» TASK DIRECTIONS: I need every line of the material below that includes the string "subrr".

*** ENTRIES PROVIDED Section Begins ***

(* Let $q$ be a prime power with $4\mid(q-1)$, $n\ge1$, let $\mathscr{C}\subseteq\mathrm{GF}(q^2)^n$ be a scalable code and let $\mathscr{B}$ be a basis of $\mathrm{GF}(q^2)$ over $\mathrm{GF}(q)$. If $\mathrm{Im}_{\mathscr{B}}(\mathscr{C})\subseteq\mathrm{GF}(q)^{2n}$ is self-orthogonal w.r.t. the canonical inner product $\sum_{i=1}^{2n}x_iy_i$, then $\mathscr{C}$ is self-orthogonal w.r.t. the canonical inner product $\sum_{i=1}^n x_iy_i$ on $\mathrm{GF}(q^2)^n$.
   Context: $\mathrm{Tr}:\mathrm{GF}(q^2)\to\mathrm{GF}(q)$, $\mathrm{Tr}(a)=a+a^q$. The dual basis of a basis $\{\gamma_1,\gamma_2\}$ is the unique basis $\{\beta_1,\beta_2\}$ with $\mathrm{Tr}(\gamma_i\beta_j)=\delta_{ij}$. A code $\mathscr{C}\subseteq\mathrm{GF}(q^2)^n$ is scalable if $x\in\mathscr{C}\Rightarrow\alpha x\in\mathscr{C}$ for all $\alpha\in\mathrm{GF}(q^2)$. For a basis $\mathscr{B}$ with dual basis $\{\beta_1,\beta_2\}$, $\mathrm{Im}_{\mathscr{B}}(\mathscr{C})=\{(\mathrm{Tr}(\beta_1x_1),\ldots,\mathrm{Tr}(\beta_1x_n),\mathrm{Tr}(\beta_2x_1),\ldots,\mathrm{Tr}(\beta_2x_n)):x\in\mathscr{C}\}$. A code $D$ is self-orthogonal w.r.t. a form $g$ if $g(x,y)=0$ for all $x,y\in D$. *)

From HB Require Import structures.
From mathcomp Require Import all_boot all_order all_algebra all_field.
Set Implicit Arguments. Unset Strict Implicit. Unset Printing Implicit Defensive.
Import GRing.Theory.
Local Open Scope ring_scope.

(* GF(q^2) is the finite field L with #|L| = q^2; GF(q) is realized as its
   unique subfield of order q, namely { a in L | a^q = a }. *)
Definition inGFq (L : finFieldType) (q : nat) (a : L) : bool := a ^+ q == a.

Definition Tr (L : finFieldType) (q : nat) (a : L) : L := a + a ^+ q.

Definition is_basis (L : finFieldType) (q : nat) (g1 g2 : L) : Prop :=
  (forall a b : L, inGFq q a -> inGFq q b -> a * g1 + b * g2 = 0 -> a = 0 /\ b = 0)
  /\ (forall x : L, exists a b : L, [/\ inGFq q a, inGFq q b & x = a * g1 + b * g2]).

Definition is_dual_basis (L : finFieldType) (q : nat) (g1 g2 b1 b2 : L) : Prop :=
  [/\ Tr q (g1 * b1) = 1, Tr q (g1 * b2) = 0, Tr q (g2 * b1) = 0 & Tr q (g2 * b2) = 1].

Definition scalable_code (L : finFieldType) (n : nat) (C : {set 'rV[L]_n}) : Prop :=
  forall x, x \in C -> forall alpha : L, alpha *: x \in C.

Definition dotp (R : nzRingType) (m : nat) (x y : 'rV[R]_m) : R :=
  \sum_(i < m) x ord0 i * y ord0 i.

Definition self_orthogonal (R : finFieldType) (m : nat) (D : {set 'rV[R]_m}) : Prop :=
  forall x y, x \in D -> y \in D -> dotp x y = 0.

Definition imB_vec (L : finFieldType) (q n : nat) (b1 b2 : L) (x : 'rV[L]_n)
  : 'rV[L]_(n + n) :=
  row_mx (map_mx (fun a => Tr q (b1 * a)) x) (map_mx (fun a => Tr q (b2 * a)) x).

Definition ImB (L : finFieldType) (q n : nat) (b1 b2 : L) (C : {set 'rV[L]_n})
  : {set 'rV[L]_(n + n)} := [set imB_vec q b1 b2 x | x in C].

(* Since Tr(u) Tr(v) = Tr(uv) + Tr(u v^q), the inner product of the images of
   a x and c y is Tr(a (c S <x, y> + c^q S' <x, y^q>)) with S = b1^2 + b2^2,
   S' = b1^(q+1) + b2^(q+1) and <x, y^q> the Hermitian form.  As C is
   scalable, this vanishes for all a and c, so nondegeneracy of the trace
   form gives c S <x, y> + c^q S' <x, y^q> = 0 for every c; comparing c = 1
   with some c outside GF(q) yields S <x, y> = 0.  Finally S <> 0: otherwise
   b1/b2 is a square root of -1, which lies in GF(q) because 4 | q - 1, and
   GF(q)-linearity of the trace contradicts Tr(g1 b1) = 1, Tr(g1 b2) = 0. *)

From mathcomp Require Import all_boot all_order all_algebra all_field.
From mathcomp Require Import ring.
Local Open Scope ring_scope.
Import GRing.Theory.

Lemma pnat_pchar_card (F : finFieldType) (p k m : nat) :
  prime p -> #|F| = ((p ^ k) ^ m)%N -> [pchar F].-nat (p ^ k)%N.
Proof.
move=> p_pr cardF; rewrite pnatX pnatE //; apply/orP; left.
by apply: (@card_finPcharP _ p (k * m)) => //; rewrite cardF -expnM.
Qed.

Lemma exprq_sqrtN1 (R : nzRingType) (q : nat) (t : R) :
  (0 < q)%N -> (4 %| q.-1)%N -> t ^+ 2 = -1 -> t ^+ q = t.
Proof.
move=> q_gt0 /dvdnP[m q1E] t2N1.
have t4 : t ^+ 4 = 1 by rewrite (exprM t 2 2) t2N1 sqrrN expr1n.
by rewrite -(prednK q_gt0) q1E exprS mulnC exprM t4 expr1n mulr1.
Qed.

Lemma Tr_nondegenerate (L : finFieldType) (q : nat) (u z : L) :
  Tr q u != 0 -> (forall a, Tr q (a * z) = 0) -> z = 0.
Proof.
move=> Tru_neq0 Tr_az; apply/eqP; apply: contraNT Tru_neq0 => z_neq0.
by rewrite -(divfK z_neq0 u) Tr_az.
Qed.

Section FrobeniusTrace.
Local Set Implicit Arguments.
Local Unset Strict Implicit.
Variables (L : finFieldType) (q : nat).
Hypothesis frobD : forall a b : L, (a + b) ^+ q = a ^+ q + b ^+ q.
Hypothesis frobK : forall a : L, a ^+ q ^+ q = a.

Lemma frob_gt0 : (0 < q)%N.
Proof.
by case: q frobK => // /(_ 0); rewrite !expr0 => /eqP; rewrite oner_eq0.
Qed.

Lemma GFq0 : inGFq q (0 : L).
Proof. by rewrite /inGFq expr0n gtn_eqF ?frob_gt0. Qed.

Lemma GFq1 : inGFq q (1 : L).
Proof. by rewrite /inGFq expr1n. Qed.

Lemma GFqN (a : L) : inGFq q a -> inGFq q (- a).
Proof.
move=> /eqP aq; have := frobD a (- a); rewrite subrr (eqP GFq0) aq.
by move=> /esym/eqP; rewrite addrC addr_eq0.
Qed.

Lemma TrD (a b : L) : Tr q (a + b) = Tr q a + Tr q b.
Proof. by rewrite /Tr frobD; ring. Qed.

Lemma Tr0 : Tr q (0 : L) = 0.
Proof. by rewrite /Tr (eqP GFq0) addr0. Qed.

Lemma Tr_sum (I : finType) (f : I -> L) :
  Tr q (\sum_i f i) = \sum_i Tr q (f i).
Proof. exact: (big_morph _ TrD Tr0). Qed.

Lemma TrZ (t z : L) : inGFq q t -> Tr q (t * z) = t * Tr q z.
Proof. by move=> /eqP tq; rewrite /Tr exprMn tq mulrDr. Qed.

Lemma TrM_Tr (u v : L) : Tr q u * Tr q v = Tr q (u * v) + Tr q (u * v ^+ q).
Proof. by rewrite /Tr !exprMn frobK; ring. Qed.

Lemma basis_notin_GFq (g1 g2 : L) :
  is_basis q g1 g2 -> exists beta : L, ~~ inGFq q beta.
Proof.
move=> [indep _]; case: (boolP (inGFq q g1)) => [g1q|]; last by exists g1.
case: (boolP (inGFq q g2)) => [g2q|]; last by exists g2.
have [_ /eqP] : g2 = 0 /\ - g1 = 0.
  by apply: indep => //; [exact: GFqN | rewrite mulNr mulrC subrr].
rewrite oppr_eq0 => /eqP g1_0.
have [] := indep _ _ GFq1 GFq0; last by move/eqP; rewrite oner_eq0.
by rewrite g1_0 mulr0 mul0r addr0.
Qed.

Lemma conj_linear_eq0 (beta P Q : L) :
  ~~ inGFq q beta -> (forall c, c * P + c ^+ q * Q = 0) -> P = 0.
Proof.
move=> beta_notq PQ0; have := PQ0 1; rewrite expr1n !mul1r => /eqP.
rewrite addrC addr_eq0 => /eqP QE; have /eqP := PQ0 beta.
rewrite QE mulrN -mulrBl mulf_eq0 subr_eq0 eq_sym -/(inGFq q beta).
by rewrite (negbTE beta_notq) => /eqP.
Qed.

Lemma dual_sqr_sum_neq0 (g b1 b2 : L) : (4 %| q.-1)%N ->
  Tr q (g * b1) = 1 -> Tr q (g * b2) = 0 -> b1 ^+ 2 + b2 ^+ 2 != 0.
Proof.
move=> q4 Tr_gb1 Tr_gb2; apply/eqP => sum0.
have b2_neq0 : b2 != 0.
  apply: contra_eq_neq Tr_gb1 => b2_0; move: sum0.
  rewrite b2_0 expr0n addr0 => /eqP; rewrite sqrf_eq0 => /eqP ->.
  by rewrite mulr0 Tr0 eq_sym oner_neq0.
have sqrtN1 : (b1 / b2) ^+ 2 = -1.
  by rewrite expr_div_n -[b1 ^+ 2]opprK (addr0_eq sum0) mulNr divff ?expf_neq0.
have /eqP := Tr_gb1; rewrite -(divfK b2_neq0 b1) mulrCA TrZ ?Tr_gb2 ?mulr0.
  by rewrite eq_sym oner_eq0.
by apply/eqP; apply: exprq_sqrtN1 frob_gt0 q4 sqrtN1.
Qed.

Variable n : nat.

Definition herm_dotp (x y : 'rV[L]_n) : L := \sum_(i < n) x ord0 i * y ord0 i ^+ q.

Lemma dotpZ (a c : L) (x y : 'rV[L]_n) :
  dotp (a *: x) (c *: y) = a * c * dotp x y.
Proof.
by rewrite /dotp mulr_sumr; apply: eq_bigr => i _; rewrite !mxE; ring.
Qed.

Lemma herm_dotpZ (a c : L) (x y : 'rV[L]_n) :
  herm_dotp (a *: x) (c *: y) = a * c ^+ q * herm_dotp x y.
Proof.
by rewrite /herm_dotp mulr_sumr; apply: eq_bigr => i _; rewrite !mxE exprMn; ring.
Qed.

Lemma dotp_imB (b1 b2 : L) (x y : 'rV[L]_n) :
  dotp (imB_vec q b1 b2 x) (imB_vec q b1 b2 y) =
  Tr q ((b1 ^+ 2 + b2 ^+ 2) * dotp x y
        + (b1 * b1 ^+ q + b2 * b2 ^+ q) * herm_dotp x y).
Proof.
rewrite /dotp /herm_dotp !mulr_sumr.
rewrite -[in RHS]big_split /= Tr_sum big_split_ord /= -big_split /=.
apply: eq_bigr => i _; rewrite !row_mxEl !row_mxEr !mxE !TrM_Tr -!TrD.
by congr (Tr q _); rewrite !exprMn; ring.
Qed.

End FrobeniusTrace.

Theorem proposition4 (q : nat) (L : finFieldType) (n : nat)
  (hq : exists p k : nat, prime p /\ q = (p ^ k)%N)
  (hL : #|L| = (q ^ 2)%N)
  (h4 : (4 %| q.-1)%N)
  (hn : (0 < n)%N)
  (C : {set 'rV[L]_n}) (hC : scalable_code C)
  (g1 g2 b1 b2 : L) (hB : is_basis q g1 g2) (hdual : is_dual_basis q g1 g2 b1 b2) :
  self_orthogonal (ImB q b1 b2 C) -> self_orthogonal C.
Proof.
move=> soImB x y Cx Cy.
have [p [k [p_pr qE]]] := hq.
have q_pchar : [pchar L].-nat q.
  by rewrite qE; apply: (@pnat_pchar_card _ _ _ 2 p_pr); rewrite -qE.
have frobD (a b : L) : (a + b) ^+ q = a ^+ q + b ^+ q := exprDn_pchar a b q_pchar.
have frobK (a : L) : a ^+ q ^+ q = a by rewrite -exprM mulnn -hL expf_card.
have [beta beta_notq] := basis_notin_GFq frobD frobK hB.
have [Tr_g1b1 Tr_g1b2 _ _] := hdual.
have S_neq0 := dual_sqr_sum_neq0 frobK h4 Tr_g1b1 Tr_g1b2.
suff /eqP : (b1 ^+ 2 + b2 ^+ 2) * dotp x y = 0.
  by rewrite mulf_eq0 (negbTE S_neq0) => /eqP.
apply: (conj_linear_eq0 beta_notq
          (Q := (b1 * b1 ^+ q + b2 * b2 ^+ q) * herm_dotp q x y)) => c.
apply: (@Tr_nondegenerate _ q (g1 * b1)) => [|a]; first by rewrite Tr_g1b1 oner_neq0.
rewrite -(soImB (imB_vec q b1 b2 (a *: x)) (imB_vec q b1 b2 (c *: y))) ?imset_f ?hC //.
by rewrite (dotp_imB frobD frobK) dotpZ herm_dotpZ; congr (Tr q _); ring.
Qed.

*** ENTRIES PROVIDED Section Ends ***

» RESPONSE AREA:
move=> /eqP aq; have := frobD a (- a); rewrite subrr (eqP GFq0) aq.
  by apply: indep => //; [exact: GFqN | rewrite mulNr mulrC subrr].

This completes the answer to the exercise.